(Saved entries)
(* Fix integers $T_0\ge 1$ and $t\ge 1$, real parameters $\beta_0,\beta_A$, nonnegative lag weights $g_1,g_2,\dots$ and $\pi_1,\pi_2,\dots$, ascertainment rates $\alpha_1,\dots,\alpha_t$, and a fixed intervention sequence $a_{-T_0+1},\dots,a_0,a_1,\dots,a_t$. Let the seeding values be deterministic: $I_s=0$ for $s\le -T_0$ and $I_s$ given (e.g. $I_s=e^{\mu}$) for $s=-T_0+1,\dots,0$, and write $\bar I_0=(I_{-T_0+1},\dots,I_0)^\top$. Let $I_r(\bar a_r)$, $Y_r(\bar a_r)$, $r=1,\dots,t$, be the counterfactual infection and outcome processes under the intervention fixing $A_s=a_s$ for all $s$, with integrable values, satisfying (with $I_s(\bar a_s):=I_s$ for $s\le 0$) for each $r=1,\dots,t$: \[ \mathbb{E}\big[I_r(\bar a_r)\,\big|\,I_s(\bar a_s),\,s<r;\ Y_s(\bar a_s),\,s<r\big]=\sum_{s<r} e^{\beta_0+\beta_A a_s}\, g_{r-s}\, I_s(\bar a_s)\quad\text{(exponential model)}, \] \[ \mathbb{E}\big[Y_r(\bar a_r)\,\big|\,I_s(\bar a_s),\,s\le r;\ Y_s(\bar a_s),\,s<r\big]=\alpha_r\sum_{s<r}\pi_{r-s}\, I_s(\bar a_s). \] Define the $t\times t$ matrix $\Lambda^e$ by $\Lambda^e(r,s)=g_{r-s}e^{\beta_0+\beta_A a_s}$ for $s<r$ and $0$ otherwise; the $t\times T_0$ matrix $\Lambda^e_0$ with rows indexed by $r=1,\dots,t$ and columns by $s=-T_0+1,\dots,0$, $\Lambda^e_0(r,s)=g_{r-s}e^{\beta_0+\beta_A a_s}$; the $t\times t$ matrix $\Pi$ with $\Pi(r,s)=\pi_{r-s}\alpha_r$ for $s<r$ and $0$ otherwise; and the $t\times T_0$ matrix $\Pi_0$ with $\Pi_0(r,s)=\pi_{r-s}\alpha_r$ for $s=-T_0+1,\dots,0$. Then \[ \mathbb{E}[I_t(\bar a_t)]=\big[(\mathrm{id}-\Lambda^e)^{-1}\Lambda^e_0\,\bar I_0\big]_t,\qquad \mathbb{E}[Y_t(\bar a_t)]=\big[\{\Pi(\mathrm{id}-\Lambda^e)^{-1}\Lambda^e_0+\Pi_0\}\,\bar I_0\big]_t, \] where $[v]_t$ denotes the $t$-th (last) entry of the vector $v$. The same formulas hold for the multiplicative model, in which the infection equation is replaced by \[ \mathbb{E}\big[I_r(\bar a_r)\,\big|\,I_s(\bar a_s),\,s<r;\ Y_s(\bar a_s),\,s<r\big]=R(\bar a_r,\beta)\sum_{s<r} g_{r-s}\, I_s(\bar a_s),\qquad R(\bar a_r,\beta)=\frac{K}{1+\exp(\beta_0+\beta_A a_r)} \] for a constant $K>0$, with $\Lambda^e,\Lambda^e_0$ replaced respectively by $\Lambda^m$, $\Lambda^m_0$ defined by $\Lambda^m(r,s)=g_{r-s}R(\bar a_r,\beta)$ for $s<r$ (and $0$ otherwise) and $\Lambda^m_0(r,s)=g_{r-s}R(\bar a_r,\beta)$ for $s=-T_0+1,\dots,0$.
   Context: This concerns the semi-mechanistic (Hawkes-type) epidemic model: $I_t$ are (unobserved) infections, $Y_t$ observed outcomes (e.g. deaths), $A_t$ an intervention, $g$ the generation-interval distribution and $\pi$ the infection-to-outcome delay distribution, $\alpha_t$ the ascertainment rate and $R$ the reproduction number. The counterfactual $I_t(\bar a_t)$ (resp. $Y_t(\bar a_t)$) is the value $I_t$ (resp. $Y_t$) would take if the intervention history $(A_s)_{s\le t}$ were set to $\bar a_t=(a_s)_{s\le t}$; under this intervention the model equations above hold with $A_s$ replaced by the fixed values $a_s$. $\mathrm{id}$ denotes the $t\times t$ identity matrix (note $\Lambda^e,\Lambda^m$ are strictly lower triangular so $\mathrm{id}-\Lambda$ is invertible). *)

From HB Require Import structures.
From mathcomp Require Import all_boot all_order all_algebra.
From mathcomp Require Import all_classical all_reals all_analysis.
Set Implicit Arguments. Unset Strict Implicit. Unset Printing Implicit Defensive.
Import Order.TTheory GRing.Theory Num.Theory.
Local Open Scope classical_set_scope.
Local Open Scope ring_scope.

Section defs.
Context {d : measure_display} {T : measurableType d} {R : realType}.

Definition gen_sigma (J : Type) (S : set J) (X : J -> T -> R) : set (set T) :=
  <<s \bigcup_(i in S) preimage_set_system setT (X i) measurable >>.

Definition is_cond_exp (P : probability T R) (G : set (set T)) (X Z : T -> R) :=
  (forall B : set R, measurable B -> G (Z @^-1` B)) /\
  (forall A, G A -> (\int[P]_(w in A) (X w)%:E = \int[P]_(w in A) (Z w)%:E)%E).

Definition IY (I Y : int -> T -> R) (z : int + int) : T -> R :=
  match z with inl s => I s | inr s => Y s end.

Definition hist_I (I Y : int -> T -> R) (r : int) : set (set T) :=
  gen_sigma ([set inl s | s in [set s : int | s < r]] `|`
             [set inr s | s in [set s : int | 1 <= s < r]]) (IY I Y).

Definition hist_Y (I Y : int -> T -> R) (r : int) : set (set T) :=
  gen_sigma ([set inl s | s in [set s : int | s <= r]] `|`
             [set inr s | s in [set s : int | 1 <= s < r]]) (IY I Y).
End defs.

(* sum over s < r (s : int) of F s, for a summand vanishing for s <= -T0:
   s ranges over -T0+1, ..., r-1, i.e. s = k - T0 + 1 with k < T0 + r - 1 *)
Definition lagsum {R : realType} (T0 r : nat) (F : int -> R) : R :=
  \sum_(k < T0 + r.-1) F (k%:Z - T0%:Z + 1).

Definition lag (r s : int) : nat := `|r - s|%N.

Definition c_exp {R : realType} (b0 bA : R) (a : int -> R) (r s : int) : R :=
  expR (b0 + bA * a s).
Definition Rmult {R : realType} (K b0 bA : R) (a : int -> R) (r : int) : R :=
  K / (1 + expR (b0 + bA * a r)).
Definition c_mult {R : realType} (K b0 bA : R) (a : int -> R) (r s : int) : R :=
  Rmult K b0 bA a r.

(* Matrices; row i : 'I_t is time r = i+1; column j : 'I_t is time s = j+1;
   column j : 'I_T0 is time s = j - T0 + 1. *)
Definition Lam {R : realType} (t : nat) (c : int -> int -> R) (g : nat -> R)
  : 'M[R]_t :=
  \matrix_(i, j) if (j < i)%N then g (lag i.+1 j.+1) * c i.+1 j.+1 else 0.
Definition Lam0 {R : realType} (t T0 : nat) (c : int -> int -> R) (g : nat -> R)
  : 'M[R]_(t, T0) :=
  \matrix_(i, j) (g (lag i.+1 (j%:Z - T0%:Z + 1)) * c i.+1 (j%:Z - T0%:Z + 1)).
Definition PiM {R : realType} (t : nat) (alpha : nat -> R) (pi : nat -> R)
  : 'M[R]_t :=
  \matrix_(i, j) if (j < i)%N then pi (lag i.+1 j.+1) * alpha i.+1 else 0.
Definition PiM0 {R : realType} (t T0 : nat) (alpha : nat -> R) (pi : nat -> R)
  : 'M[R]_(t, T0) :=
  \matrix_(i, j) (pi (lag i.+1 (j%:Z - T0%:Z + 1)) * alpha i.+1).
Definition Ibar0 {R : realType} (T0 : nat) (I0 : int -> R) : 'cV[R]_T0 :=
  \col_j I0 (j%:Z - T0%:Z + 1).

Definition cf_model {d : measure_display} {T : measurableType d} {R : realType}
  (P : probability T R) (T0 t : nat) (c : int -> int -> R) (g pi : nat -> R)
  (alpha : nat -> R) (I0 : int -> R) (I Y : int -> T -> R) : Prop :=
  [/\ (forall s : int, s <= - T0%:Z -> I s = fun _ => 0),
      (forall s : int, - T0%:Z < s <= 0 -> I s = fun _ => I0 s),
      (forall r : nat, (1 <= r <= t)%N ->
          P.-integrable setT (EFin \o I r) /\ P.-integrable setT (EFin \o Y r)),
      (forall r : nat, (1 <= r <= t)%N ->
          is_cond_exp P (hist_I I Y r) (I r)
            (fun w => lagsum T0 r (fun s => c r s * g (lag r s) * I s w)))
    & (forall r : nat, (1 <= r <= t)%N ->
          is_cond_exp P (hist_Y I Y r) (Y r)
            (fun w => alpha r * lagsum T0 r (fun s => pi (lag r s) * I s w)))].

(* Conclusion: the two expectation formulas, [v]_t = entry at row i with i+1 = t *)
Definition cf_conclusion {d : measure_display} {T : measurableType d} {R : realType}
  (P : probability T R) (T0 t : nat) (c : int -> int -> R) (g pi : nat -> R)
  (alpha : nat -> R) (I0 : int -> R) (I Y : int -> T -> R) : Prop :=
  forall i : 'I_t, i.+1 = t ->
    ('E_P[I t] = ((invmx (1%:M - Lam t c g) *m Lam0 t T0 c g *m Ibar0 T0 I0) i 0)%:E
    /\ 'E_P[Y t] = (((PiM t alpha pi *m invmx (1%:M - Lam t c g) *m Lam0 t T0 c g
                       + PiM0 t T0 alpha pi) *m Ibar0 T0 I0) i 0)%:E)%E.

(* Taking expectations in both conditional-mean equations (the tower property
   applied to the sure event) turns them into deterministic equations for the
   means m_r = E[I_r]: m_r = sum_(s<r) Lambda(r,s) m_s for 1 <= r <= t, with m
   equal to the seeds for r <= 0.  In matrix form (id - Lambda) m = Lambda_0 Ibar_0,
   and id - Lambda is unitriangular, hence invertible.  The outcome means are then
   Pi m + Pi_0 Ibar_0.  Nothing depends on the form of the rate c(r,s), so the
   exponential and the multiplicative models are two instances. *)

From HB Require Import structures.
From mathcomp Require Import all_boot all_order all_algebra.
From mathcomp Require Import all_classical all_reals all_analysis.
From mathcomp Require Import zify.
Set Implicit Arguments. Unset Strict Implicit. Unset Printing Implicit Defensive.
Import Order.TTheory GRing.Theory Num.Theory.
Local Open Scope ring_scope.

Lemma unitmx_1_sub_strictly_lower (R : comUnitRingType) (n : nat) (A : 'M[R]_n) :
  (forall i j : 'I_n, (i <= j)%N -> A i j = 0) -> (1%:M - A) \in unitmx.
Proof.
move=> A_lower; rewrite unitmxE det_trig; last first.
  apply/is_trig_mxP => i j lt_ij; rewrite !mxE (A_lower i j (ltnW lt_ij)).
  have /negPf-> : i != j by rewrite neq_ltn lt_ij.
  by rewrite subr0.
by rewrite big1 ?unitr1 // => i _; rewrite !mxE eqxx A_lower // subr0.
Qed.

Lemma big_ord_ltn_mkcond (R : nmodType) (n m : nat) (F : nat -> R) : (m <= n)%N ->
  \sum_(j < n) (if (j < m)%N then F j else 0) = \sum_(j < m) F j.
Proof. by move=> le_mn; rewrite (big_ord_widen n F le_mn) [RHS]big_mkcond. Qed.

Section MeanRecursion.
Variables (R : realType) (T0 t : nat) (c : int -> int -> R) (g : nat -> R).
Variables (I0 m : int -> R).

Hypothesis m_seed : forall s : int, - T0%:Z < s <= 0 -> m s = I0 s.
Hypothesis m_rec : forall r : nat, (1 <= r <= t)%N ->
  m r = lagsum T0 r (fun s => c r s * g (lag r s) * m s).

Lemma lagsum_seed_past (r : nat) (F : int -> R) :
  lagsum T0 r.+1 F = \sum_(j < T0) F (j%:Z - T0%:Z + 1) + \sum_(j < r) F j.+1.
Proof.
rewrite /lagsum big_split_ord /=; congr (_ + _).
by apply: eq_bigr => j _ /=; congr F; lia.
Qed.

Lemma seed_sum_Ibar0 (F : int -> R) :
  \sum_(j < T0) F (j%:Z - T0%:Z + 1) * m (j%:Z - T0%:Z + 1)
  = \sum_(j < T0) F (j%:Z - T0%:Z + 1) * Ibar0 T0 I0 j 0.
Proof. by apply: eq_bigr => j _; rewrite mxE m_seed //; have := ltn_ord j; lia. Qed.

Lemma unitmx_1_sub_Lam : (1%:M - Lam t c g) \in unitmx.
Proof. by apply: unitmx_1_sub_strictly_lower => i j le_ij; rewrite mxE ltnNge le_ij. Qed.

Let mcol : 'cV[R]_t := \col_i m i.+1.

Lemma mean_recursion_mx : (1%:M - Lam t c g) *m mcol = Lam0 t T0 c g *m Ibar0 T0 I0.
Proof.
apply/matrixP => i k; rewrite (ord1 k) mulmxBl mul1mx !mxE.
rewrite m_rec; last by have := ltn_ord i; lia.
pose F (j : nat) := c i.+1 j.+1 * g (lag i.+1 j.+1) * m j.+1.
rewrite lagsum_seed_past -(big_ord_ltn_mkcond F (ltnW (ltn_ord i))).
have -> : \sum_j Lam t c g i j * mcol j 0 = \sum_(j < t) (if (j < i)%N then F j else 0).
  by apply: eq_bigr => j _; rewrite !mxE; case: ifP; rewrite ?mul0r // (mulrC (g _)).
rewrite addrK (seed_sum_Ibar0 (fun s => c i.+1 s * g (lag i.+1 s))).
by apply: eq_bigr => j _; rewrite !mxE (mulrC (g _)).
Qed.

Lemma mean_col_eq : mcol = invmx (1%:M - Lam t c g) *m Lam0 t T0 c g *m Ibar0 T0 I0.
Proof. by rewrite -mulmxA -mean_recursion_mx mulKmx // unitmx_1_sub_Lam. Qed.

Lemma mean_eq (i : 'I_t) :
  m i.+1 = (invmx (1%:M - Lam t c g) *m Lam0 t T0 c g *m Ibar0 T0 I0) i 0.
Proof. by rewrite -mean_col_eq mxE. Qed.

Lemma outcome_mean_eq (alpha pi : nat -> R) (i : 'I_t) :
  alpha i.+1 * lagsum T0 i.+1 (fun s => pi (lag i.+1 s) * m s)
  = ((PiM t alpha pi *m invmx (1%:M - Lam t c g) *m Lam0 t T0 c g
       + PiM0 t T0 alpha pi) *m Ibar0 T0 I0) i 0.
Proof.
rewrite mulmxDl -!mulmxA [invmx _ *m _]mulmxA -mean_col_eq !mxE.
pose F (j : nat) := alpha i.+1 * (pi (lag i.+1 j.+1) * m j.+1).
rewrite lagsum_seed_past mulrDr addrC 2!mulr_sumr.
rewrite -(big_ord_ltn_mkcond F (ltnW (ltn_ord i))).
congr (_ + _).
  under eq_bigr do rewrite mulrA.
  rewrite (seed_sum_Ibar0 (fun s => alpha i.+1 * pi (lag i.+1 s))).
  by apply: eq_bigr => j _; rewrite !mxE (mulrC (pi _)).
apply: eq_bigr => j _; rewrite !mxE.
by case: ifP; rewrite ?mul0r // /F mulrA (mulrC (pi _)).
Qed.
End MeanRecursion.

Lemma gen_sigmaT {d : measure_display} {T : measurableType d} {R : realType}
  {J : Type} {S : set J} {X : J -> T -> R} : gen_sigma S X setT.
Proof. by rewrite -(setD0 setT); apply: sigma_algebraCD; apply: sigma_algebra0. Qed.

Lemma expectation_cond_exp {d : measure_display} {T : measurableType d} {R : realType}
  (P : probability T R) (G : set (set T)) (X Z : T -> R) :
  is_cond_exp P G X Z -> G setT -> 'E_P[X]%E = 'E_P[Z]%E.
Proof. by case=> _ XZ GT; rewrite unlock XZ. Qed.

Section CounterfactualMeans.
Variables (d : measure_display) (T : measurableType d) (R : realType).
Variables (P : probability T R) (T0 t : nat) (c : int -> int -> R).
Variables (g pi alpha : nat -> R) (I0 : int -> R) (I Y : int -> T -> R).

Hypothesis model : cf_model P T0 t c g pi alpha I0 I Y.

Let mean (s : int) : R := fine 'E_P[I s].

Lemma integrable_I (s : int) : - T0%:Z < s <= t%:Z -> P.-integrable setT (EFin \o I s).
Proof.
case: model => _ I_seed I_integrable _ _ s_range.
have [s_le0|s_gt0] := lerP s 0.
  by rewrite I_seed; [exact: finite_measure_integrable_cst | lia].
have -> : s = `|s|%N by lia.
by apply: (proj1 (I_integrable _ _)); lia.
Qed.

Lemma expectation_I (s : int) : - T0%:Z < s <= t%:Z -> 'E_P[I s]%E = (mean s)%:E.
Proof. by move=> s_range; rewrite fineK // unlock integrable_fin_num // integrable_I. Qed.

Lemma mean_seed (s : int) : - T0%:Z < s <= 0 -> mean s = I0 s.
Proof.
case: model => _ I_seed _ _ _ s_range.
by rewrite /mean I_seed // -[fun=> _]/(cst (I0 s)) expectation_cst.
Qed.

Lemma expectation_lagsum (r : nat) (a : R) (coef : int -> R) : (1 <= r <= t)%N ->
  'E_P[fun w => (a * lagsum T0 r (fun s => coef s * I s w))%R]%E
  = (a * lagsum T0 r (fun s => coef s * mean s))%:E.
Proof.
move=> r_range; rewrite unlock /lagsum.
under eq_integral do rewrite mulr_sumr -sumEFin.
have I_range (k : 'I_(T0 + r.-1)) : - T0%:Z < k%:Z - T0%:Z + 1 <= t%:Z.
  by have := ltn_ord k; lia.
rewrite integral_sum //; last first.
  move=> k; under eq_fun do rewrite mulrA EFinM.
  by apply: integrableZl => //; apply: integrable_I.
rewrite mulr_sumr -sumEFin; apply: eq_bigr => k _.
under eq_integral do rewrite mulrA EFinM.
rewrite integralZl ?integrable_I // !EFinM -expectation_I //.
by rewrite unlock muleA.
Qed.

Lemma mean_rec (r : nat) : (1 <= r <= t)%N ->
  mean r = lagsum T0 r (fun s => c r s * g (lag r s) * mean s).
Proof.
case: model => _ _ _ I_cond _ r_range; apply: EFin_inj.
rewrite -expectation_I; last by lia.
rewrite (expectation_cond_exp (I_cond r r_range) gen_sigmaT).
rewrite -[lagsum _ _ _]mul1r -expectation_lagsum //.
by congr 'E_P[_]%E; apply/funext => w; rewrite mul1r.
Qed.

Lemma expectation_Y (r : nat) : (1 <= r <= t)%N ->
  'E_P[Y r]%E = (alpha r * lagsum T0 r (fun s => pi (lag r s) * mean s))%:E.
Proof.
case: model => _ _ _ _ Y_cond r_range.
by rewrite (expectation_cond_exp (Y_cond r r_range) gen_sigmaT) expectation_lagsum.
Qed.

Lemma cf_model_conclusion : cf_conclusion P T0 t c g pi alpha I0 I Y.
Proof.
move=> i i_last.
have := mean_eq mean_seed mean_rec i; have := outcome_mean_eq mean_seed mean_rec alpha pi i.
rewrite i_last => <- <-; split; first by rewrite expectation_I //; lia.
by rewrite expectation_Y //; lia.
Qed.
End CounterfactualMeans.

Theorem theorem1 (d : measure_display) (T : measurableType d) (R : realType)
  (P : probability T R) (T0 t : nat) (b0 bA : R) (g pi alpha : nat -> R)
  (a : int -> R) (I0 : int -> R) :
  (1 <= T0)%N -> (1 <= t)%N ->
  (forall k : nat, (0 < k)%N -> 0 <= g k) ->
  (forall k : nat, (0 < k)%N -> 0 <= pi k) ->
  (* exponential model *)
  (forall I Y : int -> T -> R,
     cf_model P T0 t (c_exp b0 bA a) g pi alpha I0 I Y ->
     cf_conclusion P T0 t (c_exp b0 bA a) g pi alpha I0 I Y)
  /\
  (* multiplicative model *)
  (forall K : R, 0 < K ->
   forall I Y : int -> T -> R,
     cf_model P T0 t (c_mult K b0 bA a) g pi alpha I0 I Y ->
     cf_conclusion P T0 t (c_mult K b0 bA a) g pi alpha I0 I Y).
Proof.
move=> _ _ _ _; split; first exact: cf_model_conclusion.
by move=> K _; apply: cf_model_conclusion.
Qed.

EXERCISE DESCRIPTION>
Look above for the line holding "is_cond_exp P (hist_Y I Y r) (Y r)". Print it and every line after it, exactly, through the line holding "Pi m + Pi_0".

TASK RESULT>
          is_cond_exp P (hist_Y I Y r) (Y r)
            (fun w => alpha r * lagsum T0 r (fun s => pi (lag r s) * I s w)))].

(* Conclusion: the two expectation formulas, [v]_t = entry at row i with i+1 = t *)
Definition cf_conclusion {d : measure_display} {T : measurableType d} {R : realType}
  (P : probability T R) (T0 t : nat) (c : int -> int -> R) (g pi : nat -> R)
  (alpha : nat -> R) (I0 : int -> R) (I Y : int -> T -> R) : Prop :=
  forall i : 'I_t, i.+1 = t ->
    ('E_P[I t] = ((invmx (1%:M - Lam t c g) *m Lam0 t T0 c g *m Ibar0 T0 I0) i 0)%:E
    /\ 'E_P[Y t] = (((PiM t alpha pi *m invmx (1%:M - Lam t c g) *m Lam0 t T0 c g
                       + PiM0 t T0 alpha pi) *m Ibar0 T0 I0) i 0)%:E)%E.

(* Taking expectations in both conditional-mean equations (the tower property
   applied to the sure event) turns them into deterministic equations for the
   means m_r = E[I_r]: m_r = sum_(s<r) Lambda(r,s) m_s for 1 <= r <= t, with m
   equal to the seeds for r <= 0.  In matrix form (id - Lambda) m = Lambda_0 Ibar_0,
   and id - Lambda is unitriangular, hence invertible.  The outcome means are then
   Pi m + Pi_0 Ibar_0.  Nothing depends on the form of the rate c(r,s), so the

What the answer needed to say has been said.